Published online by Cambridge University Press: 03 December 2009
After the fall of Baghdad in April 2003, the issues of the “de-Baathification” of Iraq and of compensation to the victims of the previous regime were immediately raised. Historical analogies with denazification and decommunization abounded. For observers and actors who want to learn from the past, and to avoid the mistakes of the past, the contributions to the present volume should provide useful food for thought. As the Iraqi regime was hardly the last surviving dictatorship, the lessons may remain useful in the indefinite future.

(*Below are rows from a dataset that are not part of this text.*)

(* Let $p$ be a prime and $F$ an arbitrary field. Let $F'|F$ be a cyclic extension of degree dividing $p-1$ and let $L|F'$ be a cyclic extension of degree $p$. If $L|F$ is galoisian, then there exists a (solvable) degree-$p$ extension $E|F$ such that $L=EF'$; any two such extensions $E$ are conjugate over $F$; and every $F$-conjugate of $E$ is contained in $L$.
   Context: A degree-$p$ extension $E$ of a field $F$ is called solvable if it is separable and the Galois group of its Galois closure over $F$ is solvable. All extensions are taken inside a fixed separable algebraic closure of $F$. *)

From HB Require Import structures.
From mathcomp Require Import all_boot all_order all_algebra all_fingroup all_solvable all_field.
Set Implicit Arguments. Unset Strict Implicit. Unset Printing Implicit Defensive.
Import GRing.Theory.
Local Open Scope ring_scope.

(* Ambient field Omega : a splitting field (normal, finite extension) over a base
   field F0; all fields of the statement are subfields of Omega. *)

Definition normal_closure (F0 : fieldType) (Omega : splittingFieldType F0)
    (F E : {subfield Omega}) : {subfield Omega} :=
  (<< F + \sum_(s in ('Gal(fullv / F))%g) (s @: E) >>)%AS.

Definition solvable_ext (F0 : fieldType) (Omega : splittingFieldType F0)
    (F E : {subfield Omega}) : bool :=
  separable F E && solvable ('Gal(normal_closure F E / F))%g.

(* Since [F':F] divides p - 1 it is prime to p = [L:F'], so Gal(L/F') is a normal
   Hall subgroup of Gal(L/F).  By Schur-Zassenhaus it has a complement, whose fixed
   field E has degree p over F and satisfies E F' = L.  Conversely, for every field E2
   of degree p over F inside L the group Gal(L/E2) is such a complement, and since
   Gal(L/F') is cyclic all complements are conjugate.  Gal(L/F) is metacyclic, hence
   solvable, and the normal closure of E lies in L, so E|F is solvable. *)
From HB Require Import structures.
From mathcomp Require Import all_boot all_order all_algebra all_fingroup all_solvable all_field.
Import GRing.Theory.
Local Open Scope ring_scope.
Local Open Scope group_scope.

Lemma prime_coprime_dvdn_pred p m : prime p -> (m %| p.-1)%N -> coprime p m.
Proof.
move=> pr_p dvd_m; have p_gt0 := prime_gt0 pr_p.
have p1_gt0 : (0 < p.-1)%N by rewrite -ltnS prednK // prime_gt1.
rewrite prime_coprime // gtnNdvd //.
  by rewrite lt0n; apply: contraTneq dvd_m => ->; rewrite dvd0n -lt0n.
by rewrite (leq_ltn_trans (dvdn_leq p1_gt0 dvd_m)) // prednK.
Qed.

Section GaloisFacts.

Context {F0 : fieldType} {Omega : splittingFieldType F0}.
Implicit Types F K E L : {subfield Omega}.

Lemma dim_tower F K L :
  (F <= K)%VS -> (K <= L)%VS -> \dim_F L = (\dim_F K * \dim_K L)%N.
Proof.
move=> sFK sKL; apply/eqP; rewrite -(eqn_pmul2r (adim_gt0 F)).
move: (dim_sup_field sKL) (dim_sup_field sFK) (dim_sup_field (subv_trans sFK sKL)).
set a := \dim_K L; set b := \dim_F K; set c := \dim_F L => dimL dimK <-.
by rewrite dimL dimK mulnCA mulnA.
Qed.

Lemma normalField_limg_sub F E L s :
  normalField F L -> (E <= L)%VS -> s \in 'Gal(fullv / F) -> (s @: E <= L)%VS.
Proof.
move=> /forall_inP nFL sEL Gs; apply: subv_trans (limgS s sEL) _.
have := nFL (gal_repr s); rewrite inE kAutfE -gal_kHom ?subvf // Gs.
by move=> /(_ isT)/eqP->.
Qed.

Lemma gal_lift_limg F L E x :
  (F <= L)%VS -> (E <= L)%VS -> x \in 'Gal(L / F) ->
  exists2 s, s \in 'Gal(fullv / F) & (s @: E)%VS = (x @: E)%VS.
Proof.
move=> sFL sEL Gx; have sFLf : (F <= L <= fullv)%VS by rewrite sFL subvf.
have homx : kHom F L x by rewrite -gal_kHom.
have [s Gs Ds] := kHom_to_gal sFLf (normalFieldf F) homx.
by exists s => //; apply: eq_in_limg => a Ea; rewrite Ds ?(subvP sEL).
Qed.

Lemma galois_solvable_tower F K L :
  (F <= K <= L)%VS -> galois F L -> normalField F K ->
  solvable 'Gal(L / K) -> solvable 'Gal(K / F) -> solvable 'Gal(L / F).
Proof.
move=> sFKL galFL nFK solLK solKF.
rewrite (series_sol (normalField_normal sFKL nFK)) solLK.
by rewrite (isog_sol (normalField_isog galFL sFKL nFK)).
Qed.

Lemma sub_normal_closure F E : (F <= normal_closure F E)%VS.
Proof. exact: subv_trans (addvSl _ _) (sub_agenv _). Qed.

Lemma normal_closure_sub F E L :
  (F <= L)%VS -> (E <= L)%VS -> normalField F L -> (normal_closure F E <= L)%VS.
Proof.
move=> sFL sEL nFL; rewrite -[L in (_ <= L)%VS]subfield_closed agenvS //.
rewrite subv_add sFL; apply/subv_sumP => s Gs.
exact: normalField_limg_sub nFL sEL Gs.
Qed.

Lemma normalField_normal_closure F E : normalField F (normal_closure F E).
Proof.
apply/forall_inP => x; rewrite inE kAutfE => homFx.
rewrite eqEdim limg_dim_eq ?(eqP (AEnd_lker0 _)) ?capv0 // leqnn andbT.
rewrite /normal_closure aimg_agen agenvS // limgD fixedSpace_limg; last first.
  by case/andP: homFx.
apply: addvS => //; rewrite limg_sum; apply/subv_sumP => s Gs; rewrite -limg_comp.
have /kAut_to_gal[t Gt Dt] : kAut F fullv (x \o s)%VF.
  by rewrite kAutfE comp_kHom // -gal_kHom ?subvf.
by rewrite (eq_in_limg (fun a _ => Dt a (memvf a))) (sumv_sup t).
Qed.

Lemma solvable_ext_galois_sub F E L :
  galois F L -> (E <= L)%VS -> solvable 'Gal(L / F) -> solvable_ext F E.
Proof.
move=> galFL sEL solFL; have [sFL sepFL nFL] := and3P galFL.
rewrite /solvable_ext (separableSr sEL sepFL) /=.
have sFNL : (F <= normal_closure F E <= L)%VS.
  by rewrite sub_normal_closure normal_closure_sub.
rewrite -(isog_sol (normalField_isog galFL sFNL (normalField_normal_closure F E))).
exact: quotient_sol.
Qed.

End GaloisFacts.

Arguments dim_tower {F0 Omega F K L}.
Arguments normalField_limg_sub {F0 Omega F E L s}.
Arguments gal_lift_limg {F0 Omega F L E x}.
Arguments galois_solvable_tower {F0 Omega F K L}.
Arguments solvable_ext_galois_sub {F0 Omega F E L}.

Section CoprimeComplement.

Context {F0 : fieldType} {Omega : splittingFieldType F0} {F K L : {subfield Omega}}.
Hypotheses (sFKL : (F <= K <= L)%VS) (galFL : galois F L) (nFK : normalField F K).
Hypothesis coKL : coprime (\dim_K L) (\dim_F K).

Let sFK : (F <= K)%VS. Proof. by case/andP: sFKL. Qed.
Let sKL : (K <= L)%VS. Proof. by case/andP: sFKL. Qed.
Let galKL : galois K L. Proof. exact: galoisS galFL. Qed.
Let nsKF : 'Gal(L / K) <| 'Gal(L / F). Proof. exact: normalField_normal. Qed.
Let cardK : #|'Gal(L / K)| = \dim_K L. Proof. by rewrite galois_dim. Qed.
Let dimKL_gt0 : (0 < \dim_K L)%N. Proof. by rewrite -cardK cardG_gt0. Qed.

Lemma card_gal_complement_field {E : {subfield Omega}} :
  (F <= E <= L)%VS -> \dim_F E = \dim_K L -> #|'Gal(L / E)| = \dim_F K.
Proof.
move=> sFEL dimE; have [sFE sEL] := andP sFEL.
apply/eqP; rewrite -(galois_dim (galoisS sFEL galFL)).
rewrite -(eqn_pmul2l dimKL_gt0) -{1}dimE -dim_tower //.
by rewrite (dim_tower sFK sKL) mulnC.
Qed.

Lemma gal_complements {E : {subfield Omega}} :
  (F <= E <= L)%VS -> \dim_F E = \dim_K L ->
  'Gal(L / E)%G \in [complements to 'Gal(L / K) in 'Gal(L / F)].
Proof.
move=> sFEL dimE; have [sFE _] := andP sFEL.
have cardE := card_gal_complement_field sFEL dimE.
have tiKE : 'Gal(L / K) :&: 'Gal(L / E) = 1 by rewrite coprime_TIg ?cardK ?cardE.
apply/complP; split=> //; apply/eqP; rewrite eqEcard mul_subG ?galS //=.
by rewrite TI_cardMg // cardK cardE -galois_dim // (dim_tower sFK sKL) mulnC.
Qed.

Lemma prodv_complement {E : {subfield Omega}} :
  (F <= E <= L)%VS -> \dim_F E = \dim_K L -> (E * K)%VS = L.
Proof.
move=> sFEL dimE; have [_ sEL] := andP sFEL.
have /complP[tiKE _] := gal_complements sFEL dimE.
pose M : {subfield Omega} := (E * K)%AS.
have sML : (M <= L)%VS by apply: prodv_sub.
have sKM : (K <= M)%VS by apply: field_subvMl.
have galML : galois M L by apply: galoisS galFL; rewrite sML (subv_trans sFK sKM).
have trivM : 'Gal(L / M) \subset [1].
  by rewrite -tiKE subsetI !galS ?field_subvMr.
apply/eqP; rewrite eqEdim sML /= (dim_sup_field sML) galois_dim //.
by rewrite (trivgP trivM) cards1 mul1n.
Qed.

Lemma exists_complement_field :
  exists2 E : {subfield Omega}, (F <= E <= L)%VS & \dim_F E = \dim_K L.
Proof.
have cardG : #|'Gal(L / F)| = (\dim_F K * \dim_K L)%N.
  by rewrite -galois_dim // (dim_tower sFK sKL).
have hallK : Hall 'Gal(L / F) 'Gal(L / K).
  by rewrite /Hall normal_sub // -divgS ?normal_sub // cardG cardK mulnK.
have /splitsP[H /complP[tiKH defG]] := SchurZassenhaus_split hallK nsKF.
have sHG : H \subset 'Gal(L / F) by rewrite -defG mulG_subr.
exists (fixedField_aspace H).
  by rewrite -galois_connection ?sHG ?(subv_trans sFK sKL) //; apply: capvSl.
rewrite dim_fixed_galois // -divgS // -defG TI_cardMg // mulnK // cardG_gt0.
Qed.

Lemma complement_fields_conj {E E2 : {subfield Omega}} :
  solvable 'Gal(L / K) ->
  (F <= E <= L)%VS -> \dim_F E = \dim_K L ->
  (F <= E2 <= L)%VS -> \dim_F E2 = \dim_K L ->
  exists2 x, x \in 'Gal(L / K) & (x @: E)%VS = E2.
Proof.
move=> solKL sFEL dimE sFE2L dimE2; have [sFE sEL] := andP sFEL.
have /complP[_ defG] := gal_complements sFEL dimE.
have cardE := card_gal_complement_field sFEL dimE.
have cardE2 := card_gal_complement_field sFE2L dimE2.
have nKE : 'Gal(L / E) \subset 'N('Gal(L / K)).
  by rewrite (subset_trans _ (normal_norm nsKF)) // galS.
have coKE : coprime #|'Gal(L / K)| #|'Gal(L / E)| by rewrite cardK cardE.
have sE2KE : 'Gal(L / E2) \subset 'Gal(L / K) * 'Gal(L / E).
  by rewrite defG; case/andP: sFE2L => sFE2 _; apply: galS.
have [x Kx defE2] := SchurZassenhaus_trans_sol solKL nKE sE2KE coKE
  (etrans cardE2 (esym cardE)).
exists x => //.
have homFx : kHom F L x.
  by rewrite -gal_kHom ?(subsetP (galS L sFK)) // (subv_trans sFK sKL).
have xF : (x @: F)%VS = F by apply: fixedSpace_limg; case/andP: homFx.
pose xE : {subfield Omega} := (x @: E)%AS.
have sFxEL : (F <= xE <= L)%VS.
  by rewrite /= -{1}xF !limgS // -{2}(limg_gal x) limgS.
rewrite -[RHS](galois_fixedField (galoisS sFE2L galFL)) defE2 gal_conjg.
exact/esym/(galois_fixedField (galoisS sFxEL galFL)).
Qed.

End CoprimeComplement.

Theorem lemma14 (p : nat) (F0 : fieldType) (Omega : splittingFieldType F0)
    (F F' L : {subfield Omega}) :
  prime p ->
  (F <= F')%VS -> (F' <= L)%VS ->
  (* F'|F cyclic of degree dividing p - 1 *)
  galois F F' -> cyclic 'Gal(F' / F) -> (\dim_F F' %| p.-1)%N ->
  (* L|F' cyclic of degree p *)
  galois F' L -> cyclic 'Gal(L / F') -> \dim_F' L = p ->
  (* L|F Galois *)
  galois F L ->
  exists2 E : {subfield Omega},
    [/\ (F <= E)%VS, \dim_F E = p, solvable_ext F E & (E * F')%VS = L] &
    (forall E2 : {subfield Omega},
        (F <= E2)%VS -> \dim_F E2 = p -> (E2 * F')%VS = L ->
        exists2 s, s \in 'Gal(fullv / F) & (s @: E)%VS = E2)
    /\ (forall s, s \in 'Gal(fullv / F) -> (s @: E <= L)%VS).
Proof.
move=> pr_p sFF' sF'L galFF' cycFF' dvd_p1 galF'L cycF'L dimF'L galFL.
have sFF'L : (F <= F' <= L)%VS by rewrite sFF'.
have [_ _ nFF'] := and3P galFF'.
have [_ _ nFL] := and3P galFL.
have coF'L : coprime (\dim_F' L) (\dim_F F') by rewrite dimF'L prime_coprime_dvdn_pred.
have solF'L : solvable 'Gal(L / F') := abelian_sol (cyclic_abelian cycF'L).
have solFL : solvable 'Gal(L / F) := galois_solvable_tower sFF'L galFL nFF' solF'L
  (abelian_sol (cyclic_abelian cycFF')).
have [E sFEL dimE] := exists_complement_field sFF'L galFL nFF' coF'L.
have [sFE sEL] := andP sFEL.
exists E.
  split; rewrite -?dimF'L //; first exact: solvable_ext_galois_sub galFL sEL solFL.
  exact: (prodv_complement sFF'L galFL coF'L sFEL dimE).
split=> [E2 sFE2 dimE2 defL | s Gs]; last exact: normalField_limg_sub nFL sEL Gs.
have sFE2L : (F <= E2 <= L)%VS by rewrite sFE2 -defL field_subvMr.
have [x F'x <-] := complement_fields_conj sFF'L galFL nFF' coF'L solF'L sFEL dimE
  sFE2L (etrans dimE2 (esym dimF'L)).
exact: gal_lift_limg (subv_trans sFF' sF'L) sEL (subsetP (galS L sFF') x F'x).
Qed.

In a change of political regime, incoming leaders often want to punish or neutralize agents and leaders of the previous regime. In a transition to an authoritarian or totalitarian system, these measures are usually taken by executive fiat. The purges of the German judiciary after 1933 (Müller 1991, ch. 8) or of German schoolteachers in the Soviet occupational zone after 1945 (Welsh 1991) were not constrained by democracy or the rule of law. After transitions to democracy from an authoritarian or totalitarian regime, however, the new leaders usually want to demarcate themselves from the practices of their predecessors. Sometimes, to be sure, they will claim that their former oppressors have no grounds for complaining if they are treated by their own lawless procedures (for an example see Woller 1996, pp. 140–41). More frequently, however, the return to democracy is accompanied by the desire to see transitional justice done in an orderly manner, to prove that “We are not like them,” as Vaclav Havel said.